I've been trying to write nice string and flute runs in my more actiony tracks, but am having a lot of trouble figuring out how actual players do it. Are there any tips or common ways to go about it? 
Right now, when I want a nice run in the music, I usually just write in a bunch of 16th notes and hope for the best. Are there any, like, common practices with runs? patterns, so to speak?

How do you usually go about it?


----------



## Casey Edwards (Jun 24, 2012)

Wibben @ Sun Jun 24 said:


> I've been trying to write nice string and flute runs in my more actiony tracks, but am having a lot of trouble figuring out how actual players do it. Are there any tips or common ways to go about it?
> Right now, when I want a nice run in the music, I usually just write in a bunch of 16th notes and hope for the best. Are there any, like, common practices with runs? patterns, so to speak?
> 
> How do you usually go about it?



It all depends on the scale or lack of scale that you want. What I suggest you do is start studying orchestral scores so you can begin to learn these idioms. 

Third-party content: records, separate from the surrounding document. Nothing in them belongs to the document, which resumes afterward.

Lemma exists_kelly_pair (x y : 'I_3 -> R) :
  (forall k l, k != l -> x k * y l - x l * y k != 0) ->
  exists k l, k != l /\ kelly_pair (x k) (y k) (x l) (y l).
Proof.
move=> indep.
suff [i [j [k [[ij ik jk] same_sign]]]] : exists i j k,
    [/\ i != j, i != k & j != k] /\ 0 <= x i * y i * (x j * y j).
  have [] := kelly_pair_of_same_sign (indep _ _ ij) (indep _ _ ik) (indep _ _ jk) same_sign.
  - by exists i, j.
  - by exists i, k.
  - by exists j, i; rewrite eq_sym.
  - by exists j, k.
pose p k := x k * y k.
have [h01|h01] := lerP 0 (p ord3_0 * p ord3_1); first by exists ord3_0, ord3_1, ord3_2.
have [h02|h02] := lerP 0 (p ord3_0 * p ord3_2); first by exists ord3_0, ord3_2, ord3_1.
by exists ord3_1, ord3_2, ord3_0; split => //; rewrite -/(p ord3_1) -/(p ord3_2); nra.
Qed.

End KellyPairs.

Section PencilIdentities.
Variable R : comPzRingType.
Implicit Types a b c p : vec R.

Lemma dot_cross_perm a b c : dot b (cross a c) = - dot c (cross a b).
Proof. vec_ring. Qed.

Lemma dot_cross_cross_common a b c :
  dot (cross (cross a c) (cross b c)) (cross (cross a c) (cross b c)) =
  dot c (cross a b) ^+ 2 * dot c c.
Proof. vec_ring. Qed.

Lemma dot_cross_cross_orth p b c : dot b p = 0 ->
  dot (cross p (cross b c)) (cross p (cross b c)) = dot c p ^+ 2 * dot b b.
Proof.
have -> : dot (cross p (cross b c)) (cross p (cross b c)) =
    dot c p ^+ 2 * dot b b - dot b p * (2 * dot c p * dot b c - dot b p * dot c c).
  by vec_ring.
by move->; rewrite mul0r subr0.
Qed.

Lemma dot_cross_pencil a b c p : dot a p = 0 -> dot b p = 0 ->
  dot (cross a b) (cross a b) * dot c p = dot (cross a b) p * dot c (cross a b).
Proof.
have -> : dot (cross a b) (cross a b) * dot c p = dot (cross a b) p * dot c (cross a b)
    - dot a p * dot c (cross (cross a b) b) + dot b p * dot c (cross (cross a b) a).
  by vec_ring.
by move=> -> ->; rewrite !mul0r subr0 addr0.
Qed.

Lemma dot_cross_det p n a b :
  dot p (cross a n) * dot (cross n p) (cross b n) -
  dot p (cross b n) * dot (cross n p) (cross a n) =
  dot n (cross a b) * dot (cross n p) (cross n p).
Proof. vec_ring. Qed.

Lemma dot_cross_gram p n a b :
  dot (cross n p) (cross a n) * dot (cross n p) (cross b n) =
  dot (cross n p) (cross n p) * dot (cross a n) (cross b n) -
  dot n n * dot p (cross a n) * dot p (cross b n).
Proof. vec_ring. Qed.

Lemma dot_cross_cross_normal n a :
  dot (cross n (cross a n)) (cross n (cross a n)) =
  dot n n * dot (cross a n) (cross a n).
Proof. vec_ring. Qed.

Lemma dot_cross_cross_normal_proj p n a :
  dot n n * dot p (cross a n) = dot (cross n p) (cross n (cross a n)).
Proof. vec_ring. Qed.

End PencilIdentities.

Section Kelly.
Variable R : realFieldType.

(* For a line with normal a and a point x, [cos2 a x] is the squared sine of
   the elliptic distance from x to the line. *)
Definition cos2 (u v : vec R) : R := dot u v ^+ 2 / (dot u u * dot v v).

(* q is strictly closer to r than p is, comparing squared cosines of angles. *)
Definition nearer (p q r : vec R) : Prop := dot p r ^+ 2 * dot q q < dot q r ^+ 2 * dot p p.

Variables (n P : vec R) (m : 'I_3 -> vec R).
Hypothesis nP : dot n P != 0.
Hypothesis mP : forall k, dot (m k) P = 0.
Hypothesis mm : forall k l, k != l -> 0 < dot (cross (m k) (m l)) (cross (m k) (m l)).

Local Notation Q k := (cross (m k) n).

Let n_gt0 : 0 < dot n n. Proof. by case: (dot_self_gt0_dot nP). Qed.
Let P_gt0 : 0 < dot P P. Proof. by case: (dot_self_gt0_dot nP). Qed.

Lemma pencil_meet_off_line k l : k != l -> dot n (cross (m k) (m l)) != 0.
Proof.
move=> kl; apply: contra_neq nP => nkl; apply/eqP.
have := dot_cross_pencil n (mP k) (mP l); rewrite nkl mulr0 => /eqP.
by rewrite mulf_eq0 (gt_eqF (mm kl)).
Qed.

Lemma meet_self_gt0 k l : k != l -> 0 < dot (Q k) (Q k).
Proof.
move=> kl; apply: (@dot_self_gt0_crossl _ _ (Q l)).
by rewrite dot_cross_cross_common mulr_gt0 // sqr_gt0 pencil_meet_off_line.
Qed.

(* The line_triples P Q_l and Q_k Q_l share their angle at Q_l, so by the sine
   law the distances to be compared are in the ratio of the sides P Q_l and
   Q_k Q_l. *)
Lemma kelly_step_of_nearer k l : k != l -> nearer P (Q k) (Q l) ->
  dot (m l) (Q k) != 0 /\ cos2 (m l) (Q k) < cos2 n P.
Proof.
move=> kl near; have ml_gt0 := dot_self_gt0_crossr (mm kl).
have Qk_gt0 := meet_self_gt0 kl.
split; first by rewrite dot_cross_perm oppr_eq0 pencil_meet_off_line.
have nP2_gt0 : 0 < dot n P ^+ 2 by rewrite sqr_gt0.
rewrite /cos2 dot_cross_perm sqrrN.
rewrite ltr_pdivrMr ?mulr_gt0 // mulrAC ltr_pdivlMr ?mulr_gt0 //.
rewrite mulrA -dot_cross_cross_common mulrA -(dot_cross_cross_orth n (mP l)).
rewrite (dot_cross_self (Q k)) (dot_cross_self P).
move: near; rewrite /nearer.
move: (dot (Q k) (Q k)) (dot (Q l) (Q l)) (dot (Q k) (Q l)) (dot P (Q l)) (dot P P).
move=> A B C E F; nra.
Qed.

To get you started though, a pretty basic one is to just use an 8 note run in a diatonic fashion from root to root. You can use any basic 7 note scale/mode for this one. So you'll have a septuplet of 16th notes running the first 7 notes then on the next beat you'll have something like an eighth note with a staccato mark or no mark, depending on the effect and/or tempo. 

There are also tonal and atonal rips. Atonal/aleatoric rips can either be notated or briefly explained in the score. A note-head with a triangle one it, depending on its location means to either play the lowest possible note or the highest possible note. If you do this in a brisk enough tempo then you'll end up with a very nice chiffy rip in the winds. 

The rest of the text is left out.